### Problem to work on
The required answer is every line of the data containing the word "unimodalP".

[Data provided — start]

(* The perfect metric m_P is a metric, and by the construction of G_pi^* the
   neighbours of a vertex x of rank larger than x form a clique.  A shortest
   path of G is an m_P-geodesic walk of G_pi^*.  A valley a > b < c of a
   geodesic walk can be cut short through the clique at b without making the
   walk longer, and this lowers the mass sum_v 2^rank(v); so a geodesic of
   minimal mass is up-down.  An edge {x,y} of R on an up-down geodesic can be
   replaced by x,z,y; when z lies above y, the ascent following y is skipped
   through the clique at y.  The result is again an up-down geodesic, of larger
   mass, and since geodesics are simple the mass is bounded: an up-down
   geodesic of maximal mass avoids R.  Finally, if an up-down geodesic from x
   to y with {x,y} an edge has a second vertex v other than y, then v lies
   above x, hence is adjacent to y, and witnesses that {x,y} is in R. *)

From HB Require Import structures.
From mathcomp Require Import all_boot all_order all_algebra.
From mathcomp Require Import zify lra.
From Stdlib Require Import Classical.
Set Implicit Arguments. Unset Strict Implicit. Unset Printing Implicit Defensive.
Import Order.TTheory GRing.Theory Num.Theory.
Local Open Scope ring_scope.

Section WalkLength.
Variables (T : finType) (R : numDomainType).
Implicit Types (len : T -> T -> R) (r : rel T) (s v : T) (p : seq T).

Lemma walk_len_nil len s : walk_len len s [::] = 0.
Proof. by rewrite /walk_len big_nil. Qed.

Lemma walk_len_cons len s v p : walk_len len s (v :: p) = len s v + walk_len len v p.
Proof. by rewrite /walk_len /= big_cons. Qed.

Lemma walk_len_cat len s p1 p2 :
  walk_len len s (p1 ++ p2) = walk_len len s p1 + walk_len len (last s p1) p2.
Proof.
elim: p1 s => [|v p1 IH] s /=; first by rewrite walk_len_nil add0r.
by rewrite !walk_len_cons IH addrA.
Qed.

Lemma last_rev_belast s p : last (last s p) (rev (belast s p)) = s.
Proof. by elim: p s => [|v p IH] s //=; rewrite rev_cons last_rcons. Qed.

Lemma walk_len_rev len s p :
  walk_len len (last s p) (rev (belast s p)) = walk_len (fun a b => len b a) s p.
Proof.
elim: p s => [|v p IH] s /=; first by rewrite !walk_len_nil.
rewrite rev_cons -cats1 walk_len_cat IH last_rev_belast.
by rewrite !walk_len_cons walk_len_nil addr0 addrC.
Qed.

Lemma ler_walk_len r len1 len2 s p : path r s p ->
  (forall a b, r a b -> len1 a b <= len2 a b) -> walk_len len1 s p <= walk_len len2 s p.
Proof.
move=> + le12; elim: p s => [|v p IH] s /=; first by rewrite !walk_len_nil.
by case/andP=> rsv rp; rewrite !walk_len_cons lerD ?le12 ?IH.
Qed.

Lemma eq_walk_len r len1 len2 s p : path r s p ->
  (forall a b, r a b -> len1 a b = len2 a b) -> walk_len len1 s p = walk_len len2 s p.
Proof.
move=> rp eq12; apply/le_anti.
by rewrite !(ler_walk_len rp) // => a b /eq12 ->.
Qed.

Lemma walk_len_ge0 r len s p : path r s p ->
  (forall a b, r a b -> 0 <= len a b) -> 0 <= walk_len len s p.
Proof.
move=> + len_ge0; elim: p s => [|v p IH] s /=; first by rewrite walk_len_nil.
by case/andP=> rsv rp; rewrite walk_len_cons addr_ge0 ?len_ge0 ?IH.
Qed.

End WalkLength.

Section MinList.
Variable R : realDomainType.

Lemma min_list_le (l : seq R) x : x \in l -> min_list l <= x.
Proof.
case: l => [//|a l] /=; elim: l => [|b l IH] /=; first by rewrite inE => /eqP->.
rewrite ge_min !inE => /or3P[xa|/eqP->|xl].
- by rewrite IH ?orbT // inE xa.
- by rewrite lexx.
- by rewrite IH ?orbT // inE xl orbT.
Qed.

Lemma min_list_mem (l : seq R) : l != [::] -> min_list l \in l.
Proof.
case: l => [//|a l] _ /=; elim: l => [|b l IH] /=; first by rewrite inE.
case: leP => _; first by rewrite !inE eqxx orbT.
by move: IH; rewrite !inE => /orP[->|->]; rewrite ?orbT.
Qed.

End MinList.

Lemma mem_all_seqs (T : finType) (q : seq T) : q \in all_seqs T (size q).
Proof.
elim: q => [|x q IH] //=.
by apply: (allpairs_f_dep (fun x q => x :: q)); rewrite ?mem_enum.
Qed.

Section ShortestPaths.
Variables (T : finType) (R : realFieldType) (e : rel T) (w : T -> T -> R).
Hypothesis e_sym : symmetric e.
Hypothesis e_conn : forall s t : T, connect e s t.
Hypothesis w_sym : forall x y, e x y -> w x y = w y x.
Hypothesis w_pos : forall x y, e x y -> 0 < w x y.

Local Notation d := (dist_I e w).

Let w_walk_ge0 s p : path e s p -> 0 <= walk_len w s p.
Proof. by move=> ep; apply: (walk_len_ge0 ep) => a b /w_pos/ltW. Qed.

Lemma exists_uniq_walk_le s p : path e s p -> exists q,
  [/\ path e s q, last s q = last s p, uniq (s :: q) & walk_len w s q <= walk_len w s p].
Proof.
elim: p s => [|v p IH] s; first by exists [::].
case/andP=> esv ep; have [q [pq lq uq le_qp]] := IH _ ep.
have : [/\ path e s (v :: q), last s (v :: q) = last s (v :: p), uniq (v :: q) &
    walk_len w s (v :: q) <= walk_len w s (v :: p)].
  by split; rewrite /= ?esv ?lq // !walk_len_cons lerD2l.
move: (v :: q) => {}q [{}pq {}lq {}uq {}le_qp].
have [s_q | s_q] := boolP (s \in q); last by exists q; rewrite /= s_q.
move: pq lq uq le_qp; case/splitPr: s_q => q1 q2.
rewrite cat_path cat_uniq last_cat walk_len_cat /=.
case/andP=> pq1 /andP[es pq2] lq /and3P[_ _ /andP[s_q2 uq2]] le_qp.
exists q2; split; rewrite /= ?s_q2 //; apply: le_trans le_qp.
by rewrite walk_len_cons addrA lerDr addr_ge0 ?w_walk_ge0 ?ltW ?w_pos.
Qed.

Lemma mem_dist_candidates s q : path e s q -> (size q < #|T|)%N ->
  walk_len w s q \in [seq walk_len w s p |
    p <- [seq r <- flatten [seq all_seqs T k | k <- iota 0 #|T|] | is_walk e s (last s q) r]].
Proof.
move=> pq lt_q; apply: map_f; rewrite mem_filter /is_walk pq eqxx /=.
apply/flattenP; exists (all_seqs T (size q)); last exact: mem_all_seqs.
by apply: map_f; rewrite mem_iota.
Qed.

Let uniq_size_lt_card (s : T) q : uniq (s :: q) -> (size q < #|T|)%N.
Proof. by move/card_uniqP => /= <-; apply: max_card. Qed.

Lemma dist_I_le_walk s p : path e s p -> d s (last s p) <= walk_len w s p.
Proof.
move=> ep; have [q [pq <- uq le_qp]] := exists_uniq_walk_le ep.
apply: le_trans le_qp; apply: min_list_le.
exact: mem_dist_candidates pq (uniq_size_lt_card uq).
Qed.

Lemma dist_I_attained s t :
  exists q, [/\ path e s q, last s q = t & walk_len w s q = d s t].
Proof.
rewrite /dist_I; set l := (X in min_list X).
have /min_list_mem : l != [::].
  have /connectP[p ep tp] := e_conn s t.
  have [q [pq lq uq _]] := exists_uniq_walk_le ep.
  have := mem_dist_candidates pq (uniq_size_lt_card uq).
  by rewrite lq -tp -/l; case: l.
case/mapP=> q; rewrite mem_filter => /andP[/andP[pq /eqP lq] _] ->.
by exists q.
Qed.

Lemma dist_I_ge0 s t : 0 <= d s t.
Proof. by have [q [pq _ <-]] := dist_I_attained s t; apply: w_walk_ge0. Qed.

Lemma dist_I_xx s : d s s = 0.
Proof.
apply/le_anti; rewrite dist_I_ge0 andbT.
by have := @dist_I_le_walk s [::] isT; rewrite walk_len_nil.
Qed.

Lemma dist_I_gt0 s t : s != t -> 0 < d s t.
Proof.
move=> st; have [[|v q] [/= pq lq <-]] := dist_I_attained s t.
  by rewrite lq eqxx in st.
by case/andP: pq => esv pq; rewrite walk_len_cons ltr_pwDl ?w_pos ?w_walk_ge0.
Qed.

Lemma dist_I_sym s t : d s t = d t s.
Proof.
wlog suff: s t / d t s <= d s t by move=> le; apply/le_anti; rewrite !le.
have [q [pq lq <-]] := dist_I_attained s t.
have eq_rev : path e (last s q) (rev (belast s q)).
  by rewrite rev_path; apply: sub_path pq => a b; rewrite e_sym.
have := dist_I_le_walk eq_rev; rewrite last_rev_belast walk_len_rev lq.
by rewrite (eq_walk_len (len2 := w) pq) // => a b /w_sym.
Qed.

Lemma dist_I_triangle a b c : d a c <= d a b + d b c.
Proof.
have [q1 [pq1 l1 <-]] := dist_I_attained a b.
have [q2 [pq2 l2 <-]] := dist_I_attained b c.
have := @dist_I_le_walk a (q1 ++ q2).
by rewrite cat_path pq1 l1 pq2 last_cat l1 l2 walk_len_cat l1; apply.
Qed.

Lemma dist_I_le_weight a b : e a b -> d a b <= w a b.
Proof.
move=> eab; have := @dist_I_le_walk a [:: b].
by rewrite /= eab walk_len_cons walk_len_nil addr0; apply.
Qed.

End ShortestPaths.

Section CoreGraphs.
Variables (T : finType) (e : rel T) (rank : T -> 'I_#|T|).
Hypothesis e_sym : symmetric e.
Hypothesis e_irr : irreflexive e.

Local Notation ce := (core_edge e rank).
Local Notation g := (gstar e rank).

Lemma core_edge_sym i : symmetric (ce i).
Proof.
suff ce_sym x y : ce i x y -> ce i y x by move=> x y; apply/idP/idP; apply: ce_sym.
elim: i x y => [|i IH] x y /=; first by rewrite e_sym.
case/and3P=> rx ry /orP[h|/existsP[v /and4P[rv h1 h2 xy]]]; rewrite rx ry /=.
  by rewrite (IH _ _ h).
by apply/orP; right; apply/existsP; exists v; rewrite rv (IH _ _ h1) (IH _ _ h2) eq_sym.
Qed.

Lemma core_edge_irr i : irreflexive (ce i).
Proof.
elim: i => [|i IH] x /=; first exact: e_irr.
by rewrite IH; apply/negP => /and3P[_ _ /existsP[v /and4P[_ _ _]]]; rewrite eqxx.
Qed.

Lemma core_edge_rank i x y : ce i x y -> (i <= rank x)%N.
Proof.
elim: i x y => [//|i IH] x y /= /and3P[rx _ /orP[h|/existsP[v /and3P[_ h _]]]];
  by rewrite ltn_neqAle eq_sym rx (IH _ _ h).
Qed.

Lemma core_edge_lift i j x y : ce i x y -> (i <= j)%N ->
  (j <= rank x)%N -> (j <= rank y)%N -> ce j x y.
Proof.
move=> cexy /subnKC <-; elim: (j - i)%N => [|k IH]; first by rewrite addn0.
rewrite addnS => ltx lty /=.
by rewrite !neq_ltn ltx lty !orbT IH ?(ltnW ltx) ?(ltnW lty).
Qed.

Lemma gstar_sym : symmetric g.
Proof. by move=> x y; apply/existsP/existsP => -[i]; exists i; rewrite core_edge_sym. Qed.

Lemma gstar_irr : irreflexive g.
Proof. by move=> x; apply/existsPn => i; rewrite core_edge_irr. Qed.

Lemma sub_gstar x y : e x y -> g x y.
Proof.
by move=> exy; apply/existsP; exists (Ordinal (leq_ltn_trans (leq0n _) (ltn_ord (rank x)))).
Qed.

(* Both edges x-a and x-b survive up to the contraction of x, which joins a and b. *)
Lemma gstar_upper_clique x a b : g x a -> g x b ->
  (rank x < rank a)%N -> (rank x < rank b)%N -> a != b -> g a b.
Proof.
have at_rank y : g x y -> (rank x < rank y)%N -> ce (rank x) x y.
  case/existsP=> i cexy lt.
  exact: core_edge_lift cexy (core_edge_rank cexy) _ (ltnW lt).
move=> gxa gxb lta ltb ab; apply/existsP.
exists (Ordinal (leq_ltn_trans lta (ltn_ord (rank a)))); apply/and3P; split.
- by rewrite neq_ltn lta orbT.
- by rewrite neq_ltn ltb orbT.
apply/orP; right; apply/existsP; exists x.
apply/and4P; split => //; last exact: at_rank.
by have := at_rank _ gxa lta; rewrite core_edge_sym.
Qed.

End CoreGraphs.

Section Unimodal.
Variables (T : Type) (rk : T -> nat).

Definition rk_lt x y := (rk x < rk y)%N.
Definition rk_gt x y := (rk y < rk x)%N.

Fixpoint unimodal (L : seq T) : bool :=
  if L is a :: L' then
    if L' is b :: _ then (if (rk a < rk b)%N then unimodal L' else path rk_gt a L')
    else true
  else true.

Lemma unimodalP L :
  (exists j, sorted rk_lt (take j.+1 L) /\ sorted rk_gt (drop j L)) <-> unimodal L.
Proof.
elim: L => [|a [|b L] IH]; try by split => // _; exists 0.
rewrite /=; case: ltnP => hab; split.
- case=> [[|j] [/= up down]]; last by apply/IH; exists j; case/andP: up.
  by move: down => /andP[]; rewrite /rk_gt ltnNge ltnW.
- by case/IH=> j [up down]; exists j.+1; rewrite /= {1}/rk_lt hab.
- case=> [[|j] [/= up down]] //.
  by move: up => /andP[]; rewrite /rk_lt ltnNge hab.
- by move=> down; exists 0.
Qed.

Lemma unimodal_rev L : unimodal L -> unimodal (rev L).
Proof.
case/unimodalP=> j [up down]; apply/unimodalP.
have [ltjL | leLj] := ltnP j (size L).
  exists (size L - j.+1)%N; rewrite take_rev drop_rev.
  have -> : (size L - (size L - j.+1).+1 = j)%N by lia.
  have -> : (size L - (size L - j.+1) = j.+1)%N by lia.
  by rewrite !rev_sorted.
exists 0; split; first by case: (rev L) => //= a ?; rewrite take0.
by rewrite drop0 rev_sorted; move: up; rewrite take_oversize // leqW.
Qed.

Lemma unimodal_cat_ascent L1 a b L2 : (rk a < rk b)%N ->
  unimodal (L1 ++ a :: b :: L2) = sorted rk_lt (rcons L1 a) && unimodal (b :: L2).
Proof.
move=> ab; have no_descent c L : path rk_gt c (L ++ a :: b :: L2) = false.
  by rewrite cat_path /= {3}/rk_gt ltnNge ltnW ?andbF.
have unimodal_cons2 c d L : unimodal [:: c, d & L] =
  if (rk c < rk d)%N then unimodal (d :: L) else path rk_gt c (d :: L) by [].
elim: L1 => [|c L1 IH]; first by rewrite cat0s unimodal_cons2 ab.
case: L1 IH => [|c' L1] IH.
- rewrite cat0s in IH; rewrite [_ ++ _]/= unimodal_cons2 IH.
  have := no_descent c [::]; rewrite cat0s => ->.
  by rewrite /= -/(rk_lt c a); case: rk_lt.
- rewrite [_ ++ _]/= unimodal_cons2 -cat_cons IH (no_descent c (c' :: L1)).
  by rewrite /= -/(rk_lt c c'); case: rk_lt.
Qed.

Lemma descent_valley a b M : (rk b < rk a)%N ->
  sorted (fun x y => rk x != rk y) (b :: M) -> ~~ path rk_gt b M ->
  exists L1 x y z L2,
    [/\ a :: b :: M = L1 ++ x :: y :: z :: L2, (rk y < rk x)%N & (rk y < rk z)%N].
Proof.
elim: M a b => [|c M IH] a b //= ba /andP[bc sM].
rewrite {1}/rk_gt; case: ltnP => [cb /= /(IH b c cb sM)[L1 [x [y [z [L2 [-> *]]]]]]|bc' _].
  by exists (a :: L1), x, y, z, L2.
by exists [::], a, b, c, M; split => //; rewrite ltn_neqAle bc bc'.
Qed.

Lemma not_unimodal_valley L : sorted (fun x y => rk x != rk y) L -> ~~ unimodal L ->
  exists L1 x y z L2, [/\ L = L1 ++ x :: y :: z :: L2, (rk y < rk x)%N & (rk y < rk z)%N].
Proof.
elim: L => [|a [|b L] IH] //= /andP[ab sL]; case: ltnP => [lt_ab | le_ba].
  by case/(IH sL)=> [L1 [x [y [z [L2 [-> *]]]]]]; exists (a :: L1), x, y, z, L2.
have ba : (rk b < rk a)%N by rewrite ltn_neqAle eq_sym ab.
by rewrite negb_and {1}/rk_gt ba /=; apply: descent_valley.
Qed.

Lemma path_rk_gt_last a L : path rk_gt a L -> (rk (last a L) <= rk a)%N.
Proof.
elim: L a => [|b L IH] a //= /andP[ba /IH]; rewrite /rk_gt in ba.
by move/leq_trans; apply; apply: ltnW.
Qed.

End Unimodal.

[Data provided — finish]

### Completed exercise
Lemma unimodalP L :
case/unimodalP=> j [up down]; apply/unimodalP.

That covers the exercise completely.